» **WORK TO COMPLETE**: Repeat only the lines running from the beginning of the material through the line that contains "Lemma limit_dist_mix_Grim_Repeat : limit_dist".
——
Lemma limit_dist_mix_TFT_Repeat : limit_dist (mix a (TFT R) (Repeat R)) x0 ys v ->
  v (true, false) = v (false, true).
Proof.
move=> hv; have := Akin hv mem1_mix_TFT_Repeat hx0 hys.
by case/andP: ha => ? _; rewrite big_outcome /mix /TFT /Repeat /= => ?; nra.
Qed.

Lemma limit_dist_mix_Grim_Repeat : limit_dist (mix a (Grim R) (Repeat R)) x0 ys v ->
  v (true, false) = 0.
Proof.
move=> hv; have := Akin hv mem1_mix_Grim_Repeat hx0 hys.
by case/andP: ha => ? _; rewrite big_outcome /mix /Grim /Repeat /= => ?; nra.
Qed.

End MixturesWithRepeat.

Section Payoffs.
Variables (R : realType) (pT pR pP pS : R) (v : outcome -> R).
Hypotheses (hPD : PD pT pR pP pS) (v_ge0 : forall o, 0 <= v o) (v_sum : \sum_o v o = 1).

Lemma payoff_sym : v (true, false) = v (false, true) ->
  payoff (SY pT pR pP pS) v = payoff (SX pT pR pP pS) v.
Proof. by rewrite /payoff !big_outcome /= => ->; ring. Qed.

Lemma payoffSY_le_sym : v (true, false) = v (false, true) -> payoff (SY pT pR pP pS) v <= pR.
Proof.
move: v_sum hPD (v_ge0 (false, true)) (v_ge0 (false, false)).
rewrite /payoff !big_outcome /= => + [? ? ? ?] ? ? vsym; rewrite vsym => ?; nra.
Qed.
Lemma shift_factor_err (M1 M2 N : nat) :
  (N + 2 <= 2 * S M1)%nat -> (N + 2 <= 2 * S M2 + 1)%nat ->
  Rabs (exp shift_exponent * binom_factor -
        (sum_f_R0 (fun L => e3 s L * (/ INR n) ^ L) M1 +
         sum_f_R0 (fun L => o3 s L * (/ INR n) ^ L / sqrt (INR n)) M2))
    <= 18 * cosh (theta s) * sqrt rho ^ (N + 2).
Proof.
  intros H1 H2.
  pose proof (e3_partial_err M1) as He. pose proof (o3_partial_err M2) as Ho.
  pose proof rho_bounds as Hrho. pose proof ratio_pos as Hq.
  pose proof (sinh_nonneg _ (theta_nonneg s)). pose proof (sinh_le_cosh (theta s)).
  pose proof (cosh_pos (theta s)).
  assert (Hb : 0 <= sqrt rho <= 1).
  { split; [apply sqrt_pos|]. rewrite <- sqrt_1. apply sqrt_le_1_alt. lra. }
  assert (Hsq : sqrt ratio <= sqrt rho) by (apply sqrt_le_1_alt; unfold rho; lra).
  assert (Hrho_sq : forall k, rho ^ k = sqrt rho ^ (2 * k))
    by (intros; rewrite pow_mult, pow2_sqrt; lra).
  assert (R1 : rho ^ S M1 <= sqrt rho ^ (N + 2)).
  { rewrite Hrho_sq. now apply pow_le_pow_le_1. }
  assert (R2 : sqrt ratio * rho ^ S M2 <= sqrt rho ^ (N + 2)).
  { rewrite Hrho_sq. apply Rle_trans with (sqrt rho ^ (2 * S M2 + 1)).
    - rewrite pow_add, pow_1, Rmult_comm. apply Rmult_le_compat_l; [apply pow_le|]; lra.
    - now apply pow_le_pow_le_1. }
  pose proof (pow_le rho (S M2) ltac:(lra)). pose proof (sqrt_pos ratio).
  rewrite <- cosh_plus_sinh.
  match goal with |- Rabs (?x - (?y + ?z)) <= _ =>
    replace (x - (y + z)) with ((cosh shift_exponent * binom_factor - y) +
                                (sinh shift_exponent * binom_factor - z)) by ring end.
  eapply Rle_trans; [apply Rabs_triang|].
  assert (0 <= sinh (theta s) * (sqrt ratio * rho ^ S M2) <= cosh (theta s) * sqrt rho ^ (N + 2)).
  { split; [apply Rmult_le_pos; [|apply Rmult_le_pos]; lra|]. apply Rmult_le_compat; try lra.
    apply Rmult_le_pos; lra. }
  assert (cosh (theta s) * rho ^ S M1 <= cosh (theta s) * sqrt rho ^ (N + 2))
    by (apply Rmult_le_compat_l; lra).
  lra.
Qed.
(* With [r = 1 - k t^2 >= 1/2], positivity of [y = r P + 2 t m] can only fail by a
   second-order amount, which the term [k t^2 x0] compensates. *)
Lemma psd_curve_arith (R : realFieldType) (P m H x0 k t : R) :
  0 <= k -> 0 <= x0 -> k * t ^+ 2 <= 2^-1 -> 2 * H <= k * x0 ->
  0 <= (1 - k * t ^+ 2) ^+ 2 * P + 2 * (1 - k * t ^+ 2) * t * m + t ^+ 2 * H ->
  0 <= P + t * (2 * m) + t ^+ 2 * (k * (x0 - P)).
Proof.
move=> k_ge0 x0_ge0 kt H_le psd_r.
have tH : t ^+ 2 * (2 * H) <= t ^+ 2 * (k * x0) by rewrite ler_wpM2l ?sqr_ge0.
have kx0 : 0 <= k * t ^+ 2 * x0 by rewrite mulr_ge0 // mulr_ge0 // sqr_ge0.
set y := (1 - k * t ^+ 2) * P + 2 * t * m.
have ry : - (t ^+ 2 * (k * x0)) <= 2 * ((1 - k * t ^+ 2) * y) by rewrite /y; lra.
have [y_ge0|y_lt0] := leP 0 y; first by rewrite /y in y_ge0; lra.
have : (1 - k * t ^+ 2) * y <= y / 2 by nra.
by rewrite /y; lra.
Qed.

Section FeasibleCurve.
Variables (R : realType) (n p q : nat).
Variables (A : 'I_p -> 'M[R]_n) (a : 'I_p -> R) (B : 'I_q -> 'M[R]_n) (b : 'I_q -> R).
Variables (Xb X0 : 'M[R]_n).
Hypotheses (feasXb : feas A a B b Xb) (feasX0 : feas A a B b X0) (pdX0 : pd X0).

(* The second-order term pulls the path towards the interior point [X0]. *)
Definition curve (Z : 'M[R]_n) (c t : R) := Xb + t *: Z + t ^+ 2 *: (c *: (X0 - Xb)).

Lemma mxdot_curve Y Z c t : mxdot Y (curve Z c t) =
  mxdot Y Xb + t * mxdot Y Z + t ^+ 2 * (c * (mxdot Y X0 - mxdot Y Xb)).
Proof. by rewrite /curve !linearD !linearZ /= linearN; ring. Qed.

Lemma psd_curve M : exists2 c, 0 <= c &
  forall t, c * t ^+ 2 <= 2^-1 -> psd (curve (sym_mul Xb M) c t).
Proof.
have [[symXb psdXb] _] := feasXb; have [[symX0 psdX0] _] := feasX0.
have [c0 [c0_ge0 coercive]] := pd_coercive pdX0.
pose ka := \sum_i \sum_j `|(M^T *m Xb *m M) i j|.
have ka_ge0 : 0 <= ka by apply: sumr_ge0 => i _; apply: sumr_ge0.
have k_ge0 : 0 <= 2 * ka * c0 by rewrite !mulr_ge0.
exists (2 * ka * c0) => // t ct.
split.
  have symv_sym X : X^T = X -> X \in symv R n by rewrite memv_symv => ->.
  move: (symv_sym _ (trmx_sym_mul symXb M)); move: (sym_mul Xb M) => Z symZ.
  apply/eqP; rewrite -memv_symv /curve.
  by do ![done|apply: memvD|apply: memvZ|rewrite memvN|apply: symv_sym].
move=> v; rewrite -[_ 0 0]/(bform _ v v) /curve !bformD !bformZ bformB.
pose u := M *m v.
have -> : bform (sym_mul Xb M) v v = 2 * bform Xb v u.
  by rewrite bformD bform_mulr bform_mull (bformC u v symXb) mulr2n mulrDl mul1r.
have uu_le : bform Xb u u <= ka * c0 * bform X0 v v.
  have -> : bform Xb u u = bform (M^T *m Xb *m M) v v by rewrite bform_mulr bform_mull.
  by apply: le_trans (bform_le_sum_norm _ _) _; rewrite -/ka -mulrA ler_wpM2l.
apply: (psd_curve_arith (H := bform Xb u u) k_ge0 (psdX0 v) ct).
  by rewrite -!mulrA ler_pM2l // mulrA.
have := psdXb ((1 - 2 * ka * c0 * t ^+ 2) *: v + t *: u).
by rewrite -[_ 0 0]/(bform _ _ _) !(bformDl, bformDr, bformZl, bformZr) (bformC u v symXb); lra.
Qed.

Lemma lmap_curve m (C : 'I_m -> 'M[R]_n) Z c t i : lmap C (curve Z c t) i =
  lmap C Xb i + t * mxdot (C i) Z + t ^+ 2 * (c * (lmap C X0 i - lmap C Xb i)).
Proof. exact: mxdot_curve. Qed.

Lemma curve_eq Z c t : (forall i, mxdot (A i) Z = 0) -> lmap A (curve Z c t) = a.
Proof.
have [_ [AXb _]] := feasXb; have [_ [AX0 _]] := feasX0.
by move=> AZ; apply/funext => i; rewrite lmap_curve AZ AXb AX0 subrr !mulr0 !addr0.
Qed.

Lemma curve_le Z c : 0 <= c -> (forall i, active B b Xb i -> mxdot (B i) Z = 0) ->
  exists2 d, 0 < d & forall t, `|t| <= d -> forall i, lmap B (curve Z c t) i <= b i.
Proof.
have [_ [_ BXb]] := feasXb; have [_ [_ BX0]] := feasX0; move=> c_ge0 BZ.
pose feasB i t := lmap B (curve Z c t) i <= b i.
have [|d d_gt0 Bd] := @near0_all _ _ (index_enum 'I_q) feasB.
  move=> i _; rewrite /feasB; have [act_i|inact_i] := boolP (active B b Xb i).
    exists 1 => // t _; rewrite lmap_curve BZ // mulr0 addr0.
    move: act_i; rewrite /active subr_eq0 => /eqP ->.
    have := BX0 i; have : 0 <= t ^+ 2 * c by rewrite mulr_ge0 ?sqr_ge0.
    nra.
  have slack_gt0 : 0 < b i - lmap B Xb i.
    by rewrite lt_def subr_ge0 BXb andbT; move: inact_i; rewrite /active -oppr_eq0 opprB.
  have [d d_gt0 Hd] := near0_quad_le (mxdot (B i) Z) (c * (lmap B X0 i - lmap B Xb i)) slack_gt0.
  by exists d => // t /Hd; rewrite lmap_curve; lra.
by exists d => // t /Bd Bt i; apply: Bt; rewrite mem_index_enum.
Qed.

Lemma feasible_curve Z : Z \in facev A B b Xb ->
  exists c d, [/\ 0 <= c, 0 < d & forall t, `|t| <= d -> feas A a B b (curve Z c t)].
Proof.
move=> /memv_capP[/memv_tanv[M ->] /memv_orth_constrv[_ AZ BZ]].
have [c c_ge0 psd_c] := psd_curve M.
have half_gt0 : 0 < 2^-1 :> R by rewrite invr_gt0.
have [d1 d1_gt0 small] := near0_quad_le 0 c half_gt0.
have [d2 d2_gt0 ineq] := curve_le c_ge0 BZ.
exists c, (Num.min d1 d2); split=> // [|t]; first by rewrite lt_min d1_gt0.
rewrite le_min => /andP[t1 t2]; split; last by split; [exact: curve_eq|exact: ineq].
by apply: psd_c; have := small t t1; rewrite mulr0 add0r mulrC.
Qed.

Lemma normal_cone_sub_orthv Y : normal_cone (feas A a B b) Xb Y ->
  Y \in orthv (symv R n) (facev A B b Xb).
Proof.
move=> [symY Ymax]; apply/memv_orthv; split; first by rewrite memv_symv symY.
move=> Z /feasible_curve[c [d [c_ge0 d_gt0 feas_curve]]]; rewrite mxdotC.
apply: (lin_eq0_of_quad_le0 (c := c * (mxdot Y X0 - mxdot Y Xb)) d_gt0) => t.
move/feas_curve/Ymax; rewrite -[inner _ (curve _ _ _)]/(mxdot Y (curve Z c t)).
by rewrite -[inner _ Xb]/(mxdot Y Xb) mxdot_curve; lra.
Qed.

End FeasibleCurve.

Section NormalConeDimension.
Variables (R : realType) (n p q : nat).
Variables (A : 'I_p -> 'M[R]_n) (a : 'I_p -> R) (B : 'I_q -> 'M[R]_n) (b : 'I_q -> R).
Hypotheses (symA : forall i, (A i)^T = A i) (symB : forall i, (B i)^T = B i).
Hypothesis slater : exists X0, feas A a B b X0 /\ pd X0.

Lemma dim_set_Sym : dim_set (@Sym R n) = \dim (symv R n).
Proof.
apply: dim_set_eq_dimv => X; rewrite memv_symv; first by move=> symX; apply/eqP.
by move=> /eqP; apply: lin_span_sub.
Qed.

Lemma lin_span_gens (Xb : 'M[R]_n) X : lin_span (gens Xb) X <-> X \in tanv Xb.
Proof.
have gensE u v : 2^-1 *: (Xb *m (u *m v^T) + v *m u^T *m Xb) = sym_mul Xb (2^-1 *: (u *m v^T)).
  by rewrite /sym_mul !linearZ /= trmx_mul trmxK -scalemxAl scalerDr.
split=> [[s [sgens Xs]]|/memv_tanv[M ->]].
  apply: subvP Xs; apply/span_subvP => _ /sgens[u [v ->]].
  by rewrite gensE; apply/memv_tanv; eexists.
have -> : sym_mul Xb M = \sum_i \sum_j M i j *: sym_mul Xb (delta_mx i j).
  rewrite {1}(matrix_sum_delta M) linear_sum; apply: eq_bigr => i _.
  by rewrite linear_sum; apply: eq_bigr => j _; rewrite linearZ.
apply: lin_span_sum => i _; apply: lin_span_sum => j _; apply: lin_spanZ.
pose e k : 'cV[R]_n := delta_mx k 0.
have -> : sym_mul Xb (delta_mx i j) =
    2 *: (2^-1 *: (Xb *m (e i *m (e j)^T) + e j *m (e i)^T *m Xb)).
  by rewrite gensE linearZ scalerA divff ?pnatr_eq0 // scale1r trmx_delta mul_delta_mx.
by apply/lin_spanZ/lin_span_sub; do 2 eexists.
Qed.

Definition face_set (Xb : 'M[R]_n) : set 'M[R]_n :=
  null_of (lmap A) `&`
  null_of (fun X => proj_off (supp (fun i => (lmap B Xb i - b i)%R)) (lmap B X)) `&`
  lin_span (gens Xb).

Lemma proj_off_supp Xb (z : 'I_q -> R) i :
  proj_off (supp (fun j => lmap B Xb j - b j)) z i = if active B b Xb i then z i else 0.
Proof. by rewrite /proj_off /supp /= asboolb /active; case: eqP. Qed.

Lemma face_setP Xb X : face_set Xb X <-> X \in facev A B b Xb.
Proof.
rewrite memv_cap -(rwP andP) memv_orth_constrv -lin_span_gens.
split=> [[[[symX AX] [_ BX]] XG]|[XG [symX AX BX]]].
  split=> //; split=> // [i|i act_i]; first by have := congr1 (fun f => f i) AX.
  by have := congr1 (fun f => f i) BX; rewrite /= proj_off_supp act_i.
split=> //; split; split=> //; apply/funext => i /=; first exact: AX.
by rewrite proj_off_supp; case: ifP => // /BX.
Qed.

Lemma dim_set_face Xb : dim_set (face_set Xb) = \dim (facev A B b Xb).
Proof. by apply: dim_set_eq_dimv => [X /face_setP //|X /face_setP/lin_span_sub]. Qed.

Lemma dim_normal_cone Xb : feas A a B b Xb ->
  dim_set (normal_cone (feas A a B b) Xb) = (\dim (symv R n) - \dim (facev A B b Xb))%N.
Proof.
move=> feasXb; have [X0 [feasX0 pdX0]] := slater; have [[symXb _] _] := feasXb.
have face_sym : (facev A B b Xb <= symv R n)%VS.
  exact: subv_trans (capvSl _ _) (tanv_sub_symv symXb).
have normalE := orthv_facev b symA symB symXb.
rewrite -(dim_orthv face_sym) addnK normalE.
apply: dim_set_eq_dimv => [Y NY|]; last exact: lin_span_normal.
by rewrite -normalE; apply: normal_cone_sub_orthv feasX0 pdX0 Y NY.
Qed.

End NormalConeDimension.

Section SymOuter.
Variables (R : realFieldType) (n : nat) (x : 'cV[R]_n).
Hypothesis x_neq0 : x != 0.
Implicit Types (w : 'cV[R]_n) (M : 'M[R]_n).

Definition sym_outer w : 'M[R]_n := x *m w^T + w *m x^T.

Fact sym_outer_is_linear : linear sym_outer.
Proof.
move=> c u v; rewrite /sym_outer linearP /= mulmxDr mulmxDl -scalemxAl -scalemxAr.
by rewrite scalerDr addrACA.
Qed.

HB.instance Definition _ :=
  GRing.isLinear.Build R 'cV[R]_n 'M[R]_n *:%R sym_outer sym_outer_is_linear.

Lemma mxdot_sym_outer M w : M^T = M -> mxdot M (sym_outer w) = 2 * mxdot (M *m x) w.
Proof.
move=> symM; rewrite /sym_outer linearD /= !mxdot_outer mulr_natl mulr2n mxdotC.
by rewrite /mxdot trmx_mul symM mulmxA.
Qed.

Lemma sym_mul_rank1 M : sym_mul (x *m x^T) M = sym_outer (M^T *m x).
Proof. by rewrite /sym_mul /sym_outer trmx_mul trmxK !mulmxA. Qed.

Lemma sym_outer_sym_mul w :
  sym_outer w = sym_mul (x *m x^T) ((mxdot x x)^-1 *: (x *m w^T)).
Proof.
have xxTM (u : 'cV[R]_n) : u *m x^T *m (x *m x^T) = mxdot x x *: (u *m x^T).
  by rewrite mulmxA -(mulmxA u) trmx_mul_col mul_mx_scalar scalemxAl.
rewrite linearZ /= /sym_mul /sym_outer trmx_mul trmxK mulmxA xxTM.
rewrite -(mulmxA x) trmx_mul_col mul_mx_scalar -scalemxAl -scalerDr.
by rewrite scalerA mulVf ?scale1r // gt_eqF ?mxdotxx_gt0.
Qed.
——
» **YOUR RESPONSE**:
Lemma limit_dist_mix_TFT_Repeat : limit_dist (mix a (TFT R) (Repeat R)) x0 ys v ->
  v (true, false) = v (false, true).
Proof.
move=> hv; have := Akin hv mem1_mix_TFT_Repeat hx0 hys.
by case/andP: ha => ? _; rewrite big_outcome /mix /TFT /Repeat /= => ?; nra.
Qed.

Lemma limit_dist_mix_Grim_Repeat : limit_dist (mix a (Grim R) (Repeat R)) x0 ys v ->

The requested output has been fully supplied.